# Is Traditional Police Clearance Certificate from SAPS required for TRV renewal



## AKhan2020 (Jun 9, 2020)

Hi Everyone,

I need to renew my TRV that is expiring by end Aug 2020.

I would like to know if I should get Police Clearance certificate from SAPS, or will VFS do " the automated fingerprint biometric" as they mention on their website >> 

On other hand I also found following page at HOME AFFAIR'S website which say the biometric system has been postponed>>

(sorry i had to remove the web links as forum does not allow me to post it)

is there anyone who has recently renewed his TRV, please advise if I should get Traditional Police Clearance Certificate or not. 

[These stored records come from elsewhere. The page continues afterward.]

Lemma connect_morph (W : finType) (r : rel V) (r' : rel W) (f : V -> W) :
  (forall u w, r u w -> f u = f w \/ r' (f u) (f w)) ->
  forall x y, connect r x y -> connect r' (f x) (f y).
Proof.
move=> f_r x y /connectP[p + ->]; elim: p x => //= z p IHp x /andP[r_xz r_p].
apply: connect_trans (IHp _ r_p).
by case: (f_r _ _ r_xz) => [->|]; [exact: connect0 | exact: connect1].
Qed.

Lemma is_subtreeP (e : rel V) S F :
  is_subtree e (S, F) <->
  [/\ F \subset edges e, forall f, f \in F -> f \subset S, S != set0,
      forall x y, x \in S -> y \in S -> connect (subrel F) x y
    & ~ has_cycle S F].
Proof.
rewrite /is_subtree /is_subgraph /=; split.
  case/andP=> /andP[-> /forall_inP FS] /asboolP[S0 /forall_inP conn acyc].
  by split=> // x y xS; move: (conn x xS) => /forall_inP; apply.
case=> -> FS S0 conn acyc; apply/andP; split; first by apply/forall_inP.
apply/asboolP; split=> //.
by apply/forall_inP=> x xS; apply/forall_inP=> y; apply: conn.
Qed.

(* The vertex of largest [phi] on a cycle would have two distinct parents. *)
Lemma acyclic_parent S F (p : rel V) (phi : V -> nat) :
  (forall u w, subrel F u w -> p u w || p w u) ->
  (forall u w1 w2, p w1 u -> p w2 u -> w1 = w2) ->
  (forall u w, p w u -> phi w < phi u) ->
  ~ has_cycle S F.
Proof.
move=> F_p p_uniq phi_p [x [s [_ uniq_s size_s path_s last_s]]].
have cycle_s : cycle (subrel F) (x :: s) by rewrite /= rcons_path path_s.
have [y ys y_max] := @arg_maxnP _ x (mem (x :: s)) phi (mem_head x s).
case: (rot_to ys) => i s' def_s'.
have : uniq (y :: s') by rewrite -def_s' rot_uniq.
have : cycle (subrel F) (y :: s') by rewrite -def_s' rot_cycle.
have : 3 <= size (y :: s') by rewrite -def_s' size_rot.
have in_s z : z \in y :: s' -> z \in x :: s by rewrite -def_s' mem_rot.
case: s' def_s' in_s => [|z [|z' s']] //= _ in_s _.
rewrite rcons_path => /andP[r_yz /and3P[_ _ r_wy]]; set w := last z' s' in r_wy.
have parent_of_y v : v \in x :: s -> subrel F y v || subrel F v y -> p v y.
  move=> vs r_yv; have /orP[p_yv|//] : p y v || p v y.
    by case/orP: r_yv => /F_p //; rewrite orbC.
  by have := y_max _ vs; rewrite /= leqNgt phi_p.
have ws : w \in y :: z :: z' :: s' by rewrite (in_cons y) (in_cons z) mem_last !orbT.
have z_w : z = w.
  apply: (p_uniq y); apply: parent_of_y.
  - by apply: in_s; rewrite in_cons mem_head orbT.
  - by apply/orP; left.
  - exact: in_s ws.
  - by apply/orP; right.
by case/and3P=> _ /negP[]; rewrite z_w mem_last.
Qed.

End Subgraphs.

Section CyclicOrdinals.

Variable n : nat.
Implicit Types x y : 'I_n.
(* Let $(S,\mathsf d)$ be a complete separable metric space and $\mathbf p$ a Borel probability measure on it. For $\varepsilon>0$ and $k\in\mathbb{N}_0$ we have $0\le p_{\varepsilon,k}\le1$, $p_{\varepsilon,0}=0$, $p_{\varepsilon,1}=\int_S\mathbf p(B(x,\varepsilon))\,d\mathbf p(x)$, and $\lim_{k\to\infty}p_{\varepsilon,k}=1$. Moreover, $\operatorname{supp}\mathbf p$ is compact if and only if \[\underline{\mathbf p}_\varepsilon:=\inf_{x\in\operatorname{supp}\mathbf p}\mathbf p(B(x,\varepsilon))>0\quad\text{for every }\varepsilon>0,\] and in this case $p_{\varepsilon,k}\ge1-(1-\underline{\mathbf p}_\varepsilon)^k$, so $p_{\varepsilon,k}\to1$ exponentially fast as $k\to\infty$.
   Context: $B(x,\varepsilon):=\{y:\mathsf d(x,y)<\varepsilon\}$. The $(\varepsilon,k)$-subcovering probability is $p_{\varepsilon,k}:=\mathbb P\big(X\in\bigcup_{i=1}^kB(X_i,\varepsilon)\big)$, where $X,X_1,\dots,X_k$ are i.i.d. with law $\mathbf p$ (the union is empty for $k=0$). *)

From HB Require Import structures.
From mathcomp Require Import all_boot all_order all_algebra.
From mathcomp Require Import all_classical all_reals all_analysis.
Set Implicit Arguments. Unset Strict Implicit. Unset Printing Implicit Defensive.
Import Order.TTheory GRing.Theory Num.Theory.
Local Open Scope classical_set_scope.
Local Open Scope ring_scope.

(* Metric spaces with a distinguished point (needed by [g_sigma_algebraType];
   harmless: a space carrying a probability measure is nonempty). *)
#[short(type="pointedMetricType")]
HB.structure Definition PointedMetric (K : numDomainType) :=
  { M of Metric K M & isPointed M }.

Definition complete_space {R : realType} (S : pointedMetricType R) : Prop :=
  forall F : set_system S, ProperFilter F -> cauchy F -> exists x : S, F --> x.

Definition separable_space {R : realType} (S : pointedMetricType R) : Prop :=
  exists2 D : set S, countable D & dense D.

Notation Borel S := (g_sigma_algebraType (@open S)).
Section SampledFeedback.
Variables (R : realType) (n m : nat) (A : 'M[R]_n) (B : 'M[R]_(n, m))
  (Q : 'M[R]_n) (Rw : 'M[R]_m) (alpha : R) (P : 'M[R]_n)
  (t : nat -> R) (F : nat -> 'M[R]_(m, n)) (x : R -> 'cV[R]_n).
Hypotheses (PQ : posdef Q) (PR : posdef Rw) (alpha_gt0 : 0 < alpha) (PP : posdef P)
  (t_incr : forall k, t k < t k.+1) (t_oo : t @ \oo --> +oo)
  (x_cont : forall k (i : 'I_n), {within `[t k, t k.+1], continuous (fun s => x s i ord0)})
  (x_deriv : forall k (s : R), t k < s < t k.+1 -> forall i : 'I_n,
     is_derive s 1 (fun r => x r i ord0) ((A *m x s + B *m (F k *m x (t k))) i ord0))
  (feas : forall k, P1_feasible Q Rw P alpha x (F k) (t k) (t k.+1 - t k)).

Let u k := F k *m x (t k).
Let V s := qf P (x s).
Let cost k s := qf Q (x s) + qf Rw (u k).
Let J k xi := Jk Q Rw x (u k) (t k) xi.

Lemma cost_ge0 k s : 0 <= cost k s.
Proof. by rewrite addr_ge0 // posdef_qf_ge0. Qed.

Lemma Jk_ge0 k xi : (0 <= J k xi)%E.
Proof. by apply: integral_ge0 => s _; rewrite lee_fin cost_ge0. Qed.

Lemma V_le_sample k xi : 0 <= xi <= t k.+1 - t k -> V (t k + xi) <= V (t k).
Proof.
move=> xi_in; have := le_trans (Jk_ge0 k xi) (feas xi_in).
by rewrite lee_fin pmulr_rge0 // subr_ge0.
Qed.

Lemma Jk_sample_le k : (J k (t k.+1 - t k) <= (alpha * (V (t k) - V (t k.+1)))%:E)%E.
Proof.
have := @feas k (t k.+1 - t k); rewrite [t k + _]addrC subrK; apply.
by rewrite lexx subr_ge0 ltW.
Qed.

I tried to call DHA and VFS but couldn't through (they are still closed under level 3 lockdown)
Thanks


----------



## pajojo4life (Sep 2, 2019)

AKhan2020 said:


> Hi Everyone,
> 
> I need to renew my TRV that is expiring by end Aug 2020.
> 
> ...




I submitted the renewal of my TRV before the lockdown in March, VFS doesn't accept the Police Clearance certificate from SAPS anymore. VFS will be the one to do the Police Clearance Certificate/fingerprint biometric at their facilities and you will have to pay for it the same day that you have an appointment. Note that they only accept card payment there.


----------



## AKhan2020 (Jun 9, 2020)

Hi pajojo4life,
Thank you very much for the information. Stay Safe!


----------